TORONTO — About 1,200 people flooded the sanctuary at Beth Tzedec Congregation on July 16 to attend the Rally for the People of Israel sponsored by UJA Federation of Greater Toronto and The Centre for Israel and Jewish Affairs.
The event was organized to demonstrate that Toronto’s Jewish community stands in firm solidarity with Israel, and to show appreciation for the Canadian government’s unyielding pro-Israel stance. Attendees enthusiastically waved both Canadian and Israeli flags.
Julia Koschitzky served as MC, and the rally featured several prominent speakers, video messages from Israel and prayers for peace.
Kotschitzky started by referring to the tragic loss of innocent lives in Gaza, adding, “We know it cannot be avoided, because Hamas continues to use its people as human shields.”
She spoke of the “quiet heroism” of Israeli soldiers and citizens who are currently living in a “constant state of stress and pressure,” and of the comfort the Jewish community can feel knowing Israelis are being protected by the Israel Defence Forces (IDF) and the Iron Dome.
Further, she expressed a sense of gratitude at living in Canada, at “knowing we are safe and that our government’s support for Israel is unparalleled.”
In his speech, Israel’s ambassador to Canada, Rafi Barak, described Israel as a liberal, democratic “island of stability” and Hamas as “part of a sea of violence raging in the Middle East.”
He said Israel, since its withdrawal from the Gaza Strip in 2005, has no territorial claims over the latter, but added that the country has “a moral duty, as a democracy, to protect its people.”
He thanked the Toronto Jewish community, saying, “Your prayers and contributions serve as a pillar of strength for Israel.”
Following this, Canadian Minister of Foreign Affairs John Baird and Liberal foreign affairs critic Marc Garneau, addressed the audience via Skype from a parallel Israel rally held at the Soloway Jewish Community Centre in Ottawa.
Garneau said Canada’s support for Israel is not partisan, but is based on principle, and that “when citizens of a country are threatened by terror, other countries must speak up.”
He stressed his belief that Hamas is a terrorist organization and that Israel has a right and a duty to protect its citizens by attempting to cut off Hamas’s rocket supply.
“To argue that [Israel] can’t target Hamas for fear of hurting innocent people is equivalent to saying it isn’t allowed to defend itself,” he emphasized.
“Those innocent people would be alive today if Hamas didn’t fire rockets.”
Garneau reiterated the Liberal party’s condemnation of Hamas’s rejection of a proposed ceasefire and its commendation of Israel for agreeing to it.
He also lamented that, shortly after the ceasefire was turned down, one Israeli and four Palestinians were killed.
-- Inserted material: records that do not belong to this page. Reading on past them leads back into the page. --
(* Suppose Assumptions A1, A2 (SDSD) and A3 hold for the steady state $(x^s,u^s)$ and discount factor $\gamma\in(0,1)$. Define $W(x):=V_\star^\gamma(x)+\lambda(x)$, where $\lambda$ and $\rho\in\mathcal{K}$ are the functions from Assumption A2. Then, for all $x_0\in\mathbb{X}_0$, $W$ is a Lyapunov function for the closed-loop system $x_{k+1}=f(x_k,\pi_\star^\gamma(x_k))$: (a) $W(x)\ge \rho(\|x-x^s\|)$; (b) there exists $\alpha\in\mathcal{K}$ with $W(x)\le \alpha(\|x-x^s\|)$; (c) $W(f(x,\pi_\star^\gamma(x)))-W(x)\le -\rho(\|x-x^s\|)$; and the closed-loop system under the optimal policy $\pi_\star^\gamma$ (equivalently, under an optimal policy of the modified problem with stage cost $\hat L^\gamma$) is asymptotically stable at $x^s$, i.e. there is $\beta\in\mathcal{KL}$ with $\|x_k^{\pi_\star^\gamma}-x^s\|\le\beta(\|x_0-x^s\|,k)$ for all $k\ge0$ and all $x_0\in\mathbb{X}_0$.
   Context: Setting: discrete-time system $x_+=f(x,u)$ with $x\in\mathbb{R}^{n_x}$, $u\in\mathbb{R}^{n_u}$, stage cost $L(x,u)$, constraint set $\mathbb{Z}:=\{(x,u): h(x,u)\le 0\}$, with the convention $L(x,u)=\infty$ for $(x,u)\notin\mathbb{Z}$, and discount factor $\gamma\in(0,1)$. For a policy $\pi$ (a map $x\mapsto u$) the closed-loop trajectory is $x_{k+1}^\pi=f(x_k^\pi,\pi(x_k^\pi))$, $x_0^\pi=x_0$. $\mathbb{X}_0:=\{x_0:\exists\pi \text{ with } h(x_k^\pi,\pi(x_k^\pi))\le0\ \forall k\ge0\}$ and $\Pi:=\{\pi: h(x_k^\pi,\pi(x_k^\pi))\le 0\ \forall x_0\in\mathbb{X}_0,\forall k\ge 0\}$. The optimal value function is $V_\star^\gamma(x_0):=\min_{\pi\in\Pi}\sum_{k=0}^\infty\gamma^kL(x_k^\pi,\pi(x_k^\pi))$ and $\pi_\star^\gamma$ denotes an optimal policy; it satisfies the Bellman equation $V_\star^\gamma(x)=\min_{\pi\in\Pi}L(x,\pi(x))+\gamma V_\star^\gamma(f(x,\pi(x)))$. $(x^s,u^s)$ is a steady state, $x^s=f(x^s,u^s)$, normalized so that $L(x^s,u^s)=0$. Assumption A1: $\mathbb{Z}$ and $\mathbb{X}_0$ are compact and $|L(x,u)|<\infty$ for all $(x,u)\in\mathbb{Z}$. Assumption A2 (Strong Discounted Strict Dissipativity, SDSD): there exist a function $\lambda$, continuous at $x^s$, bounded on bounded sets, with $\lambda(x^s)=0$, and $\rho\in\mathcal{K}$ such that for all $(x,u)\in\mathbb{Z}$: (i) $L(x,u)+\lambda(x)-\gamma\lambda(f(x,u))\ge\rho(\|x-x^s\|)$; (ii) $L(x,u)+\lambda(x)-\lambda(f(x,u))+(\gamma-1)V_\star^\gamma(f(x,u))\ge\rho(\|x-x^s\|)$. Assumption A3: $V_\star^\gamma$ is continuous at $x^s$ and bounded on $\mathbb{X}_0$. Modified cost: $\hat L^\gamma(x,u):=L(x,u)+\lambda(x)-\gamma\lambda(f(x,u))$; it is known (for bounded $\lambda$) that the discounted problem with stage cost $\hat L^\gamma$ has the same optimal policies as the original one and optimal value $V_\star^\gamma+\lambda$. Comparison functions: $\mathcal{K}$ = continuous, strictly increasing $\alpha:\mathbb{R}_{\ge0}\to\mathbb{R}_{\ge0}$ with $\alpha(0)=0$; $\mathcal{L}$ = continuous strictly decreasing functions tending to $0$; $\mathcal{KL}$ = continuous $\beta(s,t)$ with $\beta(\cdot,t)\in\mathcal{K}$ and $\beta(s,\cdot)\in\mathcal{L}$. *)

From HB Require Import structures.
From mathcomp Require Import all_boot all_order all_algebra.
From mathcomp Require Import all_classical all_reals all_analysis.
Set Implicit Arguments. Unset Strict Implicit. Unset Printing Implicit Defensive.
Import Order.TTheory GRing.Theory Num.Theory.
Import numFieldNormedType.Exports.
Local Open Scope classical_set_scope.
Local Open Scope ring_scope.

Section Defs.
Variables (R : realType) (nx nu nh : nat).
Local Notation X := 'rV[R]_nx.
Local Notation U := 'rV[R]_nu.

Definition traj (f : X -> U -> X) (pi : X -> U) (x0 : X) (k : nat) : X :=
  iter k (fun x => f x (pi x)) x0.

Definition Zset (h : X -> U -> 'rV[R]_nh) : set (X * U) :=
  [set z | forall i, h z.1 z.2 0 i <= 0].

Definition feasible (f : X -> U -> X) (h : X -> U -> 'rV[R]_nh)
  (pi : X -> U) (x0 : X) : Prop :=
  forall k, Zset h (traj f pi x0 k, pi (traj f pi x0 k)).

Definition X0set f h : set X := [set x0 | exists pi, feasible f h pi x0].

Definition Piset f h : set (X -> U) :=
  [set pi | forall x0, X0set f h x0 -> feasible f h pi x0].

(* discounted cost of policy pi from x0; L takes values in \bar R
   (convention L = +oo outside Z).  The infinite sum is the limit of the
   partial sums; a non-convergent series is assigned the value +oo. *)
Definition dcost (gamma : R) (f : X -> U -> X) (L : X -> U -> \bar R)
  (pi : X -> U) (x0 : X) : \bar R :=
  let s := fun n : nat =>
    (\sum_(0 <= k < n) ((gamma ^+ k)%:E * L (traj f pi x0 k) (pi (traj f pi x0 k))))%E in
  if `[< cvgn s >] then limn s else +oo%E.

Definition Vstar (gamma : R) f h L (x0 : X) : \bar R :=
  ereal_inf [set dcost gamma f L pi x0 | pi in Piset f h].

End Defs.

(* comparison functions on R_{>=0}, represented as functions R -> R *)
Definition classK {R : realType} (a : R -> R) : Prop :=
  [/\ a 0 = 0,
      {within [set s : R | 0 <= s], continuous a} &
      (forall s t : R, 0 <= s -> s < t -> a s < a t)].

Definition classL {R : realType} (g : R -> R) : Prop :=
  [/\ {within [set t : R | 0 <= t], continuous g},
      (forall s t : R, 0 <= s -> s < t -> g t < g s) &
      (g t @[t --> +oo] --> (0 : R))].

Definition classKL {R : realType} (b : R -> R -> R) : Prop :=
  [/\ {within [set p : R * R | 0 <= p.1 /\ 0 <= p.2],
        continuous (fun p : R * R => b p.1 p.2)},
      (forall t : R, 0 <= t -> classK (fun s => b s t)) &
      (forall s : R, 0 < s -> classL (b s))].

From HB Require Import structures.
From mathcomp Require Import all_boot all_order all_algebra.
From mathcomp Require Import all_classical all_reals all_analysis.
From mathcomp Require Import ring lra.
Set Implicit Arguments. Unset Strict Implicit. Unset Printing Implicit Defensive.
Import Order.TTheory GRing.Theory Num.Theory.
Import numFieldNormedType.Exports.
Local Open Scope classical_set_scope.
Local Open Scope ring_scope.

(* Combining the Bellman equation
   V*(x) = L(x, pistar x) + gamma V*(x+) with dissipation inequality (ii)
   gives the decrease W(x+) - W(x) <= - rho |x - xs|, property (c); with
   inequality (i) it gives rho |x - xs| + gamma W(x+) <= W(x), which iterated
   shows W >= 0 and then property (a).  Since W is bounded on the compact set
   X0, continuous at xs and W(xs) <= 0, it is dominated by a class-K function
   of |x - xs|, property (b).  The KL estimate then follows from a general
   discrete-time Lyapunov theorem. *)

Section LipschitzEstimates.
Variable R : realType.
Implicit Types a b s t : R.

Lemma min1_lipschitz a b : `|Num.min 1 a - Num.min 1 b| <= `|a - b|.
Proof.
case: (lerP 1 a) => ha; case: (lerP 1 b) => hb.
- by rewrite subrr normr0.
- rewrite !ger0_norm; lra.
- rewrite !ler0_norm; lra.
- by [].
Qed.

Lemma max0_lipschitz a b : `|Num.max a 0 - Num.max b 0| <= `|a - b|.
Proof.
case: (lerP 0 a) => ha; case: (lerP 0 b) => hb.
- by [].
- rewrite !ger0_norm; lra.
- rewrite distrC (distrC a) !ger0_norm; lra.
- by rewrite subrr normr0.
Qed.

Lemma expRN_lipschitz a b : 0 <= a -> 0 <= b ->
  `|expR (- a) - expR (- b)| <= `|a - b|.
Proof.
wlog ab : a b / a <= b.
  move=> H a0 b0; have [h|h] := orP (le_total a b).
    exact: H.
  by rewrite distrC (distrC a); exact: H.
move=> a0 b0.
have e : expR (- b) = expR (- a) * expR (a - b) by rewrite -expRD; congr expR; lra.
have h1 := expR_ge1Dx (a - b).
have h2 : expR (- a) <= 1 by rewrite expR_le1; lra.
have h3 : expR (a - b) <= 1 by rewrite expR_le1; lra.
have h4 := expR_gt0 (- a).
rewrite e ger0_norm; last by rewrite subr_ge0 ler_piMr // ltW.
rewrite ler0_norm; last lra.
have : expR (- a) * (1 - expR (a - b)) <= 1 * (1 - expR (a - b)).
  by apply: ler_wpM2r; lra.
nra.
Qed.

Lemma mul_expRN_dist s t s0 t0 : 0 <= s0 -> 0 <= t -> 0 <= t0 ->
  `|s * expR (- t) - s0 * expR (- t0)| <= `|s - s0| + s0 * `|t - t0|.
Proof.
move=> s00 t0' t00.
have -> : s * expR (- t) - s0 * expR (- t0) =
  (s - s0) * expR (- t) + s0 * (expR (- t) - expR (- t0)) by ring.
apply: le_trans (ler_normD _ _) _; rewrite !normrM (ger0_norm s00).
apply: lerD.
  rewrite (ger0_norm (expR_ge0 _)) -[leRHS]mulr1; apply: ler_wpM2l => //.
  by rewrite expR_le1; lra.
by apply: ler_wpM2l => //; exact: expRN_lipschitz.
Qed.

End LipschitzEstimates.

Lemma within_continuous_eps (R : realType) (A : set R) (g : R -> R) :
  (forall x, A x -> forall e, 0 < e -> exists2 r, 0 < r &
     forall y, A y -> `|y - x| < r -> `|g y - g x| < e) ->
  {within A, continuous g}.
Proof.
move=> H; apply/subspace_continuousP => x Ax.
apply/cvgrPdist_lt => e e0.
have [r r0 Hr] := H x Ax e e0.
rewrite near_withinE; apply/nbhs_ballP; exists r => //= y.
rewrite -ball_normE /= => xy Ay.
by rewrite distrC; apply: Hr => //; rewrite distrC.
Qed.

Lemma within_continuous2_eps (R : realType) (A : set (R * R)) (g : R * R -> R) :
  (forall x, A x -> forall e, 0 < e -> exists2 r, 0 < r &
     forall y, A y -> `|y.1 - x.1| < r -> `|y.2 - x.2| < r -> `|g y - g x| < e) ->
  {within A, continuous g}.
Proof.
move=> H; apply/subspace_continuousP => x Ax.
apply/cvgrPdist_lt => e e0.
have [r r0 Hr] := H x Ax e e0.
rewrite near_withinE; apply/nbhs_ballP; exists r => //= y [b1 b2] Ay.
move: b1 b2; rewrite -!ball_normE /= => b1 b2.
by rewrite distrC; apply: Hr => //; rewrite distrC.
Qed.

Section ClassK.
Variables (R : realType) (a : R -> R).
Hypothesis aK : classK a.

Lemma classK_ge0 s : 0 <= s -> 0 <= a s.
Proof.
have [a0 _ a_incr] := aK; move=> s0.
have [->|sn0] := eqVneq s 0; first by rewrite a0.
by rewrite -a0 ltW // a_incr // lt_neqAle eq_sym sn0.
Qed.

Lemma classK_gt0 s : 0 < s -> 0 < a s.
Proof. by have [a0 _ a_incr] := aK; move=> s0; rewrite -a0 a_incr. Qed.

Lemma classK_le s t : 0 <= s -> s <= t -> a s <= a t.
Proof.
have [_ _ a_incr] := aK; move=> s0; rewrite le_eqVlt => /orP[/eqP -> //|st].
exact/ltW/a_incr.
Qed.

Lemma classK_le_of_lt s t : 0 <= t -> a s < a t -> s <= t.
Proof.
have [_ _ a_incr] := aK; move=> t0 ast.
rewrite leNgt; apply/negP => ts; have := a_incr _ _ t0 ts; lra.
Qed.

Lemma classK_small e : 0 < e ->
  exists2 eta, 0 < eta & forall s, 0 <= s -> s <= eta -> a s <= e.
Proof.
have [a0 a_cont a_incr] := aK; move=> e0.
have /subspace_continuousP/(_ 0 (lexx 0)) := a_cont.
move/cvgrPdist_lt/(_ e e0); rewrite near_withinE => /nbhs_ballP[r r0 Hr].
exists (r / 2); first by rewrite divr_gt0.
move=> s s0 sr.
have sball : ball (0 : R) r s.
  by rewrite -ball_normE /= sub0r normrN ger0_norm //; move: r0 => /=; lra.
have := Hr s sball s0.
by rewrite /from_subspace a0 sub0r normrN ger0_norm ?classK_ge0 // => /ltW.
Qed.

End ClassK.

Section KLConstruction.
Variable R : realType.

(* A datum [(s', k, d)] (initial distance [s'], time [k], observed distance
   [d]) contributes the bump [kl_term s t s' k d] to the comparison function:
   it equals [d] at [(s', k)], is nondecreasing in [s] and nonincreasing in
   [t], and is Lipschitz in [(s, t)] on every half-line [s >= m > 0]. *)
Definition kl_term (s t s' : R) (k : nat) (d : R) : R :=
  d * Num.min 1 (s / s') * expR (- Num.max (t - k%:R) 0).

(* The family [P] of data, supremum of its bumps, and the KL candidate
   obtained by adding the strictly monotone term [s * expR (- t)]. *)
Definition kl_bumps (P : R -> nat -> R -> Prop) (s t : R) : set R :=
  [set y | y = 0 \/ exists s' k d, P s' k d /\ y = kl_term s t s' k d].

Definition kl_sup (P : R -> nat -> R -> Prop) (s t : R) : R :=
  sup (kl_bumps P s t).

Definition kl_beta (P : R -> nat -> R -> Prop) (s t : R) : R :=
  kl_sup P s t + s * expR (- t).

Definition kl_data (P : R -> nat -> R -> Prop) (B : R) : Prop :=
  0 <= B /\ forall s k d, P s k d -> [/\ 0 <= s, 0 <= d & d <= B].

Lemma expR_decay_bnd (t : R) (k : nat) :
  0 < expR (- Num.max (t - k%:R) 0) /\ expR (- Num.max (t - k%:R) 0) <= 1.
Proof.
split; first exact: expR_gt0.
by rewrite expR_le1 oppr_le0 le_max lexx orbT.
Qed.

Lemma min1_ratio_bnd (s s' : R) : 0 <= s -> 0 <= s' ->
  0 <= Num.min 1 (s / s') <= 1.
Proof.
move=> s0 s'0; rewrite ge_min lexx /= andbT le_min ler01 /=.
exact: divr_ge0.
Qed.

Lemma kl_term_le (s t s' : R) k d : 0 <= d -> kl_term s t s' k d <= d.
Proof.
move=> d0; rewrite /kl_term; have [e0 e1] := expR_decay_bnd t k.
have m1 : Num.min 1 (s / s') <= 1 by rewrite ge_min lexx.
set m := Num.min _ _ in m1 *; set e := expR _ in e0 e1 *.
have : d * e * m <= d * e * 1.
  by apply: ler_wpM2l => //; apply: mulr_ge0 => //; exact: ltW.
have : d * e <= d * 1 by apply: ler_wpM2l.
nra.
Qed.

Lemma kl_term_le_decay (s t s' : R) k d : 0 <= d ->
  kl_term s t s' k d <= d * expR (- Num.max (t - k%:R) 0).
Proof.
move=> d0; rewrite /kl_term; have [e0 _] := expR_decay_bnd t k.
have m1 : Num.min 1 (s / s') <= 1 by rewrite ge_min lexx.
set m := Num.min _ _ in m1 *; set E := expR _ in e0 *.
have := mulr_ge0 d0 (ltW e0).
nra.
Qed.

Lemma kl_term_le_ratio (s t s' : R) k d : 0 <= s -> 0 <= s' -> 0 <= d ->
  kl_term s t s' k d <= d * Num.min 1 (s / s').
Proof.
move=> s0 s'0 d0; rewrite /kl_term; have [_ e1] := expR_decay_bnd t k.
have /andP[m0 _] := min1_ratio_bnd s0 s'0.
by rewrite -[leRHS]mulr1 ler_wpM2l // mulr_ge0.
Qed.

Lemma kl_term_mono_s (s1 s2 t s' : R) k d :
  0 <= s1 -> s1 <= s2 -> 0 <= s' -> 0 <= d ->
  kl_term s1 t s' k d <= kl_term s2 t s' k d.
Proof.
move=> s10 s12 s'0 d0; rewrite /kl_term.
have [E0 _] := expR_decay_bnd t k.
apply: ler_wpM2r; first exact: ltW.
apply: ler_wpM2l => //.
rewrite le_min ge_min lexx /= ge_min.
by apply/orP; right; apply: ler_wpM2r => //; rewrite invr_ge0.
Qed.

Lemma kl_term_mono_t (s t1 t2 s' : R) k d :
  0 <= s -> t1 <= t2 -> 0 <= s' -> 0 <= d ->
  kl_term s t2 s' k d <= kl_term s t1 s' k d.
Proof.
move=> s0 t12 s'0 d0; rewrite /kl_term.
have /andP[A0 _] := min1_ratio_bnd s0 s'0.
apply: ler_wpM2l; first exact: mulr_ge0.
rewrite ler_expR lerN2 ge_max; apply/andP; split.
  by rewrite le_max lerD2r t12.
by rewrite le_max lexx orbT.
Qed.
“I know there are moderate Palestinians aching for peace,” he said in conclusion, affirming that the Liberal party is still in favour of a two-state solution.
John Baird, who received a crash of applause from the audiences in Toronto and Ottawa, began: “I always start my speeches by saying I’m happy to be here. I’m not happy to be here… given the tragedy of the recent days and weeks… I wish we could be here on a happier occasion.”
He said the “great struggle of our generation” is the struggle against terrorism, and “far too often, Jews and Israel are on the front lines of that struggle.”
He spoke out against comparisons between Israel and Hamas, stressing that “there’s no room for moral relativism when it comes to terrorism and the State of Israel… When I see leaders or pundits saying both sides need to stop, to de-escalate, it’s wrong. Hamas’s raison d’être is the destruction of Israel… It started this conflict and it’s the one that has to stop.”
Baird said Canada will continue to support Palestinians in the West Bank on humanitarian issues and on increasing their security capacity.
“We all want a two-state solution,” he added.
He pledged Canada’s ongoing support for Israel, and, to thunderous applause, concluded: “Friends are those who stand by you in hard times, not just in easy times.”
Beth Tzedec’s senior rabbi, Rabbi Baruch Frydman-Kohl led the crowd in the recitation of prayers for the State of Israel and for IDF soldiers.
In her closing remarks, Koschitzky encouraged the audience to make a small donation to UJA’s Israel Emergency Relief Fund.
She finished by passionately stating, “We hope and pray to God that we won’t need to have a gathering like this in future.”